Em resumo, os motivos externos são vários: amor ao dinheiro, orgulho,
problemas morais não resolvidos, vaidade intelectual, falta de coragem
para assumir a verdade e desejo de novidades. A raiz de tudo isso, ao
meu ver, é a falta de um coração regenerado, um motivo que os autores
bíblicos estão sempre prontos a admitir.
O apóstata pode
permanecer muitos anos na igreja e no ministério cristão sem jamais
revelar a apostasia que já aconteceu em seu coração. Outros, assumem a
apostasia e rompem abertamente com a fé cristã histórica, e geralmente
adotam outras doutrinas que mesmo aparecendo com cara de novas e
revestidas de respeitabilidade intelectual, nada mais são que as velhas
heresias teológicas e morais que a Igreja já enfrentou ao longo dos
anos. Eu não me espantaria se por detrás dos grandes desvios teológicos
da história encontrássemos pecados não resolvidos, orgulho, vaidade
intelectual, soberba, dureza de coração e – obviamente – corações não
regenerados. É claro que nunca saberemos ao certo. A história não
registra essas coisas que sempre são abafadas, escondidas e quase nunca
declaradas.
Até onde entendo, só há uma coisa que mantém o
cristão na verdade: o temor a Deus, a humildade e um coração
quebrantado. Os que verdadeiramente se humilham diante de Deus e tremem
de sua Palavra, mesmo que errem em pontos secundários, que caiam
eventualmente em pecados, jamais se afastarão definitivamente de Deus e
da sua palavra.
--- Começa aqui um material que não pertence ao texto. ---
(* Let $F\ge1$ and let $n_1,\dots,n_F$ be positive integers with $n_1\ge2$. With $p_a,q_a,r,r^{(2)}$ as in the context, define $$A_F=\sum_{a=1}^{F-1}(-1)^{a+1}\frac{1}{p_aq_a}+(-1)^{F+1}\frac{1}{p_F r}.$$ Then $A_F=r^{(2)}/r$.
   Context: For $1\le k\le a\le F$, let $p^{(k)}_a/q^{(k)}_a$ (coprime positive integers) equal the continued fraction $[n_a,\dots,n_k]:=1/(n_a+1/(n_{a-1}+\cdots+1/n_k))$, $[n_k]=1/n_k$; write $p_a=p^{(1)}_a$, $q_a=q^{(1)}_a$. Set $r^{(k)}=p^{(k)}_F+q^{(k)}_F$ for $1\le k\le F$, $r^{(F+1)}=1$, and $r=r^{(1)}$ (so $r^{(2)}=1$ when $F=1$). *)

From mathcomp Require Import all_boot all_order all_algebra.
Set Implicit Arguments. Unset Strict Implicit. Unset Printing Implicit Defensive.
Import Order.TTheory GRing.Theory Num.Theory.
Local Open Scope ring_scope.

(* The sequence n_1, ..., n_F is a function n : nat -> nat (indices 1..F used). *)

(* cf_aux n k d = [n_(k+d), ..., n_k] = 1/(n_(k+d) + 1/( ... + 1/n_k)) *)
Fixpoint cf_aux (n : nat -> nat) (k d : nat) : rat :=
  match d with
  | 0 => ((n k)%:R)^-1
  | d'.+1 => ((n (k + d)%N)%:R + cf_aux n k d')^-1
  end.

(* [n_a, ..., n_k] for k <= a *)
Definition cf (n : nat -> nat) (k a : nat) : rat := cf_aux n k (a - k).

Definition pk (n : nat -> nat) (k a : nat) : int := numq (cf n k a).
Definition qk (n : nat -> nat) (k a : nat) : int := denq (cf n k a).

Definition rk (n : nat -> nat) (F k : nat) : int :=
  if (k <= F)%N then pk n k F + qk n k F else 1.

Definition A_F (n : nat -> nat) (F : nat) : rat :=
  \sum_(1 <= a < F) (-1) ^+ (a + 1) / ((pk n 1 a)%:~R * (qk n 1 a)%:~R)
  + (-1) ^+ (F + 1) / ((pk n 1 F)%:~R * (rk n F 1)%:~R).

From mathcomp Require Import all_boot all_order all_algebra.
From mathcomp Require Import ring zify.
Import Order.TTheory GRing.Theory Num.Theory.
Local Open Scope ring_scope.

(* All the fractions involved are ratios of continuants.  Writing
   Q a = q_(a-1) = p_a (the continuant of n_1, ..., n_(a-1)) and P a for the
   continuant of n_2, ..., n_a, the determinant identity
   P (a+1) Q (a+1) - P a Q (a+2) = (-1)^a makes the alternating sum of the
   1 / (p_a q_a) = 1 / (Q a Q (a+1)) telescope to P (F-1) / Q F, and the last
   term turns this convergent into the mediant
   (P (F-1) + P F) / (Q F + Q (F+1)) = r^(2) / r. *)

(* [continuant n k d] is the continuant of n_k, ..., n_(k+d-2); the recursion
   extends the sequence at its top index, as [cf_aux] does. *)
Fixpoint continuant (n : nat -> nat) (k d : nat) : nat :=
  match d with
  | 0 => 0
  | d1.+1 => match d1 with
             | 0 => 1
             | d'.+1 => n (k + d')%N * continuant n k d1 + continuant n k d'
             end
  end.

Lemma continuantSS n k d :
  continuant n k d.+2 = (n (k + d)%N * continuant n k d.+1 + continuant n k d)%N.
Proof. by []. Qed.

Lemma natr_continuantSS (R : pzSemiRingType) n k d :
  (continuant n k d.+2)%:R
  = (n (k + d)%N)%:R * (continuant n k d.+1)%:R + (continuant n k d)%:R :> R.
Proof. by rewrite continuantSS natrD natrM. Qed.

Lemma continuant_gt0 n k d :
  (forall i, (i < d)%N -> (0 < n (k + i)%N)%N) -> (0 < continuant n k d.+1)%N.
Proof.
elim: d => [//|d IH] n_gt0; rewrite continuantSS.
have := IH (fun i lt_id => n_gt0 i (ltnW lt_id)).
by have := n_gt0 d (ltnSn d); nia.
Qed.

Lemma coprime_continuantS n k d :
  coprime (continuant n k d.+1) (continuant n k d.+2).
Proof.
elim: d => [|d IH]; first by rewrite /coprime gcd1n.
by rewrite /coprime continuantSS gcdnMDl gcdnC.
Qed.

Lemma cf_auxE n k d : (forall i, (i <= d)%N -> (0 < n (k + i)%N)%N) ->
  cf_aux n k d = (continuant n k d.+1)%:R / (continuant n k d.+2)%:R.
Proof.
elim: d => [|d IH] n_gt0; first by rewrite /= addn0 muln1 addn0 mul1r.
rewrite [LHS]/= IH; last by move=> i le_id; apply: n_gt0; lia.
have Q_neq0 : (continuant n k d.+2)%:R != 0 :> rat.
  by rewrite pnatr_eq0 -lt0n; apply: continuant_gt0 => i lt_id; apply: n_gt0; lia.
rewrite (natr_continuantSS _ n k d.+1).
by rewrite -[X in (X + _)^-1](mulfK Q_neq0) -mulrDl invf_div.
Qed.

Lemma pk_qk_continuant n k a : (k <= a)%N ->
    (forall i, (k <= i <= a)%N -> (0 < n i)%N) ->
  pk n k a = (continuant n k (a - k).+1)%:Z /\
  qk n k a = (continuant n k (a - k).+2)%:Z.
Proof.
move=> le_ka n_gt0.
have n_gt0' i : (i <= a - k)%N -> (0 < n (k + i)%N)%N.
  by move=> le_i; apply: n_gt0; lia.
have Q_gt0 : (0 < continuant n k (a - k).+2)%N.
  by apply: continuant_gt0 => i lt_i; apply: n_gt0'; lia.
have cf_ratio : cf n k a = (continuant n k (a - k).+1)%:Z%:~R
                           / (continuant n k (a - k).+2)%:Z%:~R.
  exact: cf_auxE.
have cop := coprime_continuantS n k (a - k).
rewrite /pk /qk cf_ratio coprimeq_num ?coprimeq_den //.
by rewrite gtr0_sg ?ltz_nat // mul1r eqz_nat gtn_eqF.
Qed.

Lemma rk_continuant n F k : (1 <= k <= F.+1)%N ->
    (forall i, (k <= i <= F)%N -> (0 < n i)%N) ->
  rk n F k = (continuant n k (F.+1 - k))%:Z + (continuant n k (F.+2 - k))%:Z.
Proof.
move=> /andP[k_gt0 le_kF] n_gt0; rewrite /rk.
case: leqP => [le_kF' | lt_Fk].
  have [-> ->] := @pk_qk_continuant n k F le_kF' n_gt0.
  by rewrite -!subSn // leqW.
have -> : k = F.+1 by lia.
by rewrite subnn subSnn.
Qed.

Lemma continuant_det n a :
  (continuant n 2 a.+1)%:R * (continuant n 1 a.+1)%:R
  - (continuant n 2 a)%:R * (continuant n 1 a.+2)%:R = (-1) ^+ a :> rat.
Proof.
elim: a => [|a IH]; first by rewrite /= mul0r subr0 mulr1.
by rewrite (natr_continuantSS _ n 2 a) (natr_continuantSS _ n 1 a.+1) exprS -IH; ring.
Qed.

Section AlternatingSum.

Variables (R : fieldType) (P Q : nat -> R).
Hypothesis P0 : P 0 = 0.
Hypothesis detPQ : forall a, P a.+1 * Q a.+1 - P a * Q a.+2 = (-1) ^+ a.

Lemma sum_alternating_inv m : (forall a, (1 <= a <= m.+1)%N -> Q a != 0) ->
  \sum_(1 <= a < m.+1) (-1) ^+ (a + 1) / (Q a * Q a.+1) = P m / Q m.+1.
Proof.
elim: m => [|m IH] Q_neq0; first by rewrite big_geq // P0 mul0r.
rewrite big_nat_recr //= IH; last by move=> a ha; apply: Q_neq0; lia.
have Q1 : Q m.+1 != 0 by apply: Q_neq0; lia.
have Q2 : Q m.+2 != 0 by apply: Q_neq0; lia.
rewrite addn1 !exprS !mulN1r opprK -detPQ.
by field; rewrite Q1 Q2.
Qed.

Lemma convergent_add_mediant m : Q m.+1 != 0 -> Q m.+1 + Q m.+2 != 0 ->
  P m / Q m.+1 + (-1) ^+ (m.+1 + 1) / (Q m.+1 * (Q m.+1 + Q m.+2))
  = (P m + P m.+1) / (Q m.+1 + Q m.+2).
Proof.
move=> Q1 Q12; rewrite addn1 !exprS !mulN1r opprK -detPQ.
by field; rewrite Q1 Q12.
Qed.

End AlternatingSum.

Theorem proposition7p7 (F : nat) (n : nat -> nat) :
  (1 <= F)%N ->
  (forall i, (1 <= i <= F)%N -> (0 < n i)%N) ->
  (2 <= n 1)%N ->
  A_F n F = (rk n F 2)%:~R / (rk n F 1)%:~R.
Proof.
case: F => [//|m] _ n_gt0 _.
pose P a : rat := (continuant n 2 a)%:R; pose Q a : rat := (continuant n 1 a)%:R.
have Q_gt0 a : (1 <= a <= m.+2)%N -> 0 < Q a.
  move=> ha; rewrite ltr0n; case: a ha => [//|a] ha.
  by apply: continuant_gt0 => i lt_ia; apply: n_gt0; lia.
have pq a : (1 <= a <= m.+1)%N ->
    (pk n 1 a)%:~R = Q a /\ (qk n 1 a)%:~R = Q a.+1.
  move=> ha; have n_gt0' i : (1 <= i <= a)%N -> (0 < n i)%N.
    by move=> hi; apply: n_gt0; lia.
  have [-> ->] := @pk_qk_continuant n 1 a (ltac:(lia)) n_gt0'.
  by rewrite subn1 prednK //; lia.
have [pF _] := pq m.+1 (ltac:(lia)).
rewrite /A_F pF !rk_continuant //; last by move=> i hi; apply: n_gt0; lia.
rewrite !subSS !subn0.
rewrite (eq_big_nat _ _ (F2 := fun a => (-1) ^+ (a + 1) / (Q a * Q a.+1))); last first.
  by move=> a ha; have [-> ->] := pq a (ltac:(lia)).
have detPQ a : P a.+1 * Q a.+1 - P a * Q a.+2 = (-1) ^+ a := continuant_det n a.
rewrite (@sum_alternating_inv _ P Q erefl detPQ); last first.
  by move=> a ha; rewrite gt_eqF // Q_gt0 //; lia.
rewrite !intrD; apply: (@convergent_add_mediant _ P Q detPQ).
- by rewrite gt_eqF // Q_gt0 //; lia.
- by rewrite gt_eqF // addr_gt0 // Q_gt0 //; lia.
Qed.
O verdadeiro crente não pode mais abandonar a Deus. Nem
que queira. Nem que em momentos terríveis diga a Deus que nunca mais o
servirá. Ele acaba voltando. O apóstata vence essa barreira. Ele
consegue passar o limite. Ele consegue pular a cerca. Ele não receia o
que poderá acontecer. Pois no fundo ele realmente não acredita.
A
apostasia é uma realidade muito mais presente nos meios evangélicos
brasileiros do que se deseja perceber. O falso conceito de tolerância, o
relativismo, a falta de convicções doutrinárias, o liberalismo
teológico travestido de ciência, tudo isso favorece um quadro cinza e
enevoado onde os contornos do verdadeiro Cristianismo não são percebidos
com clareza. À noite, todos os gatos são pardos.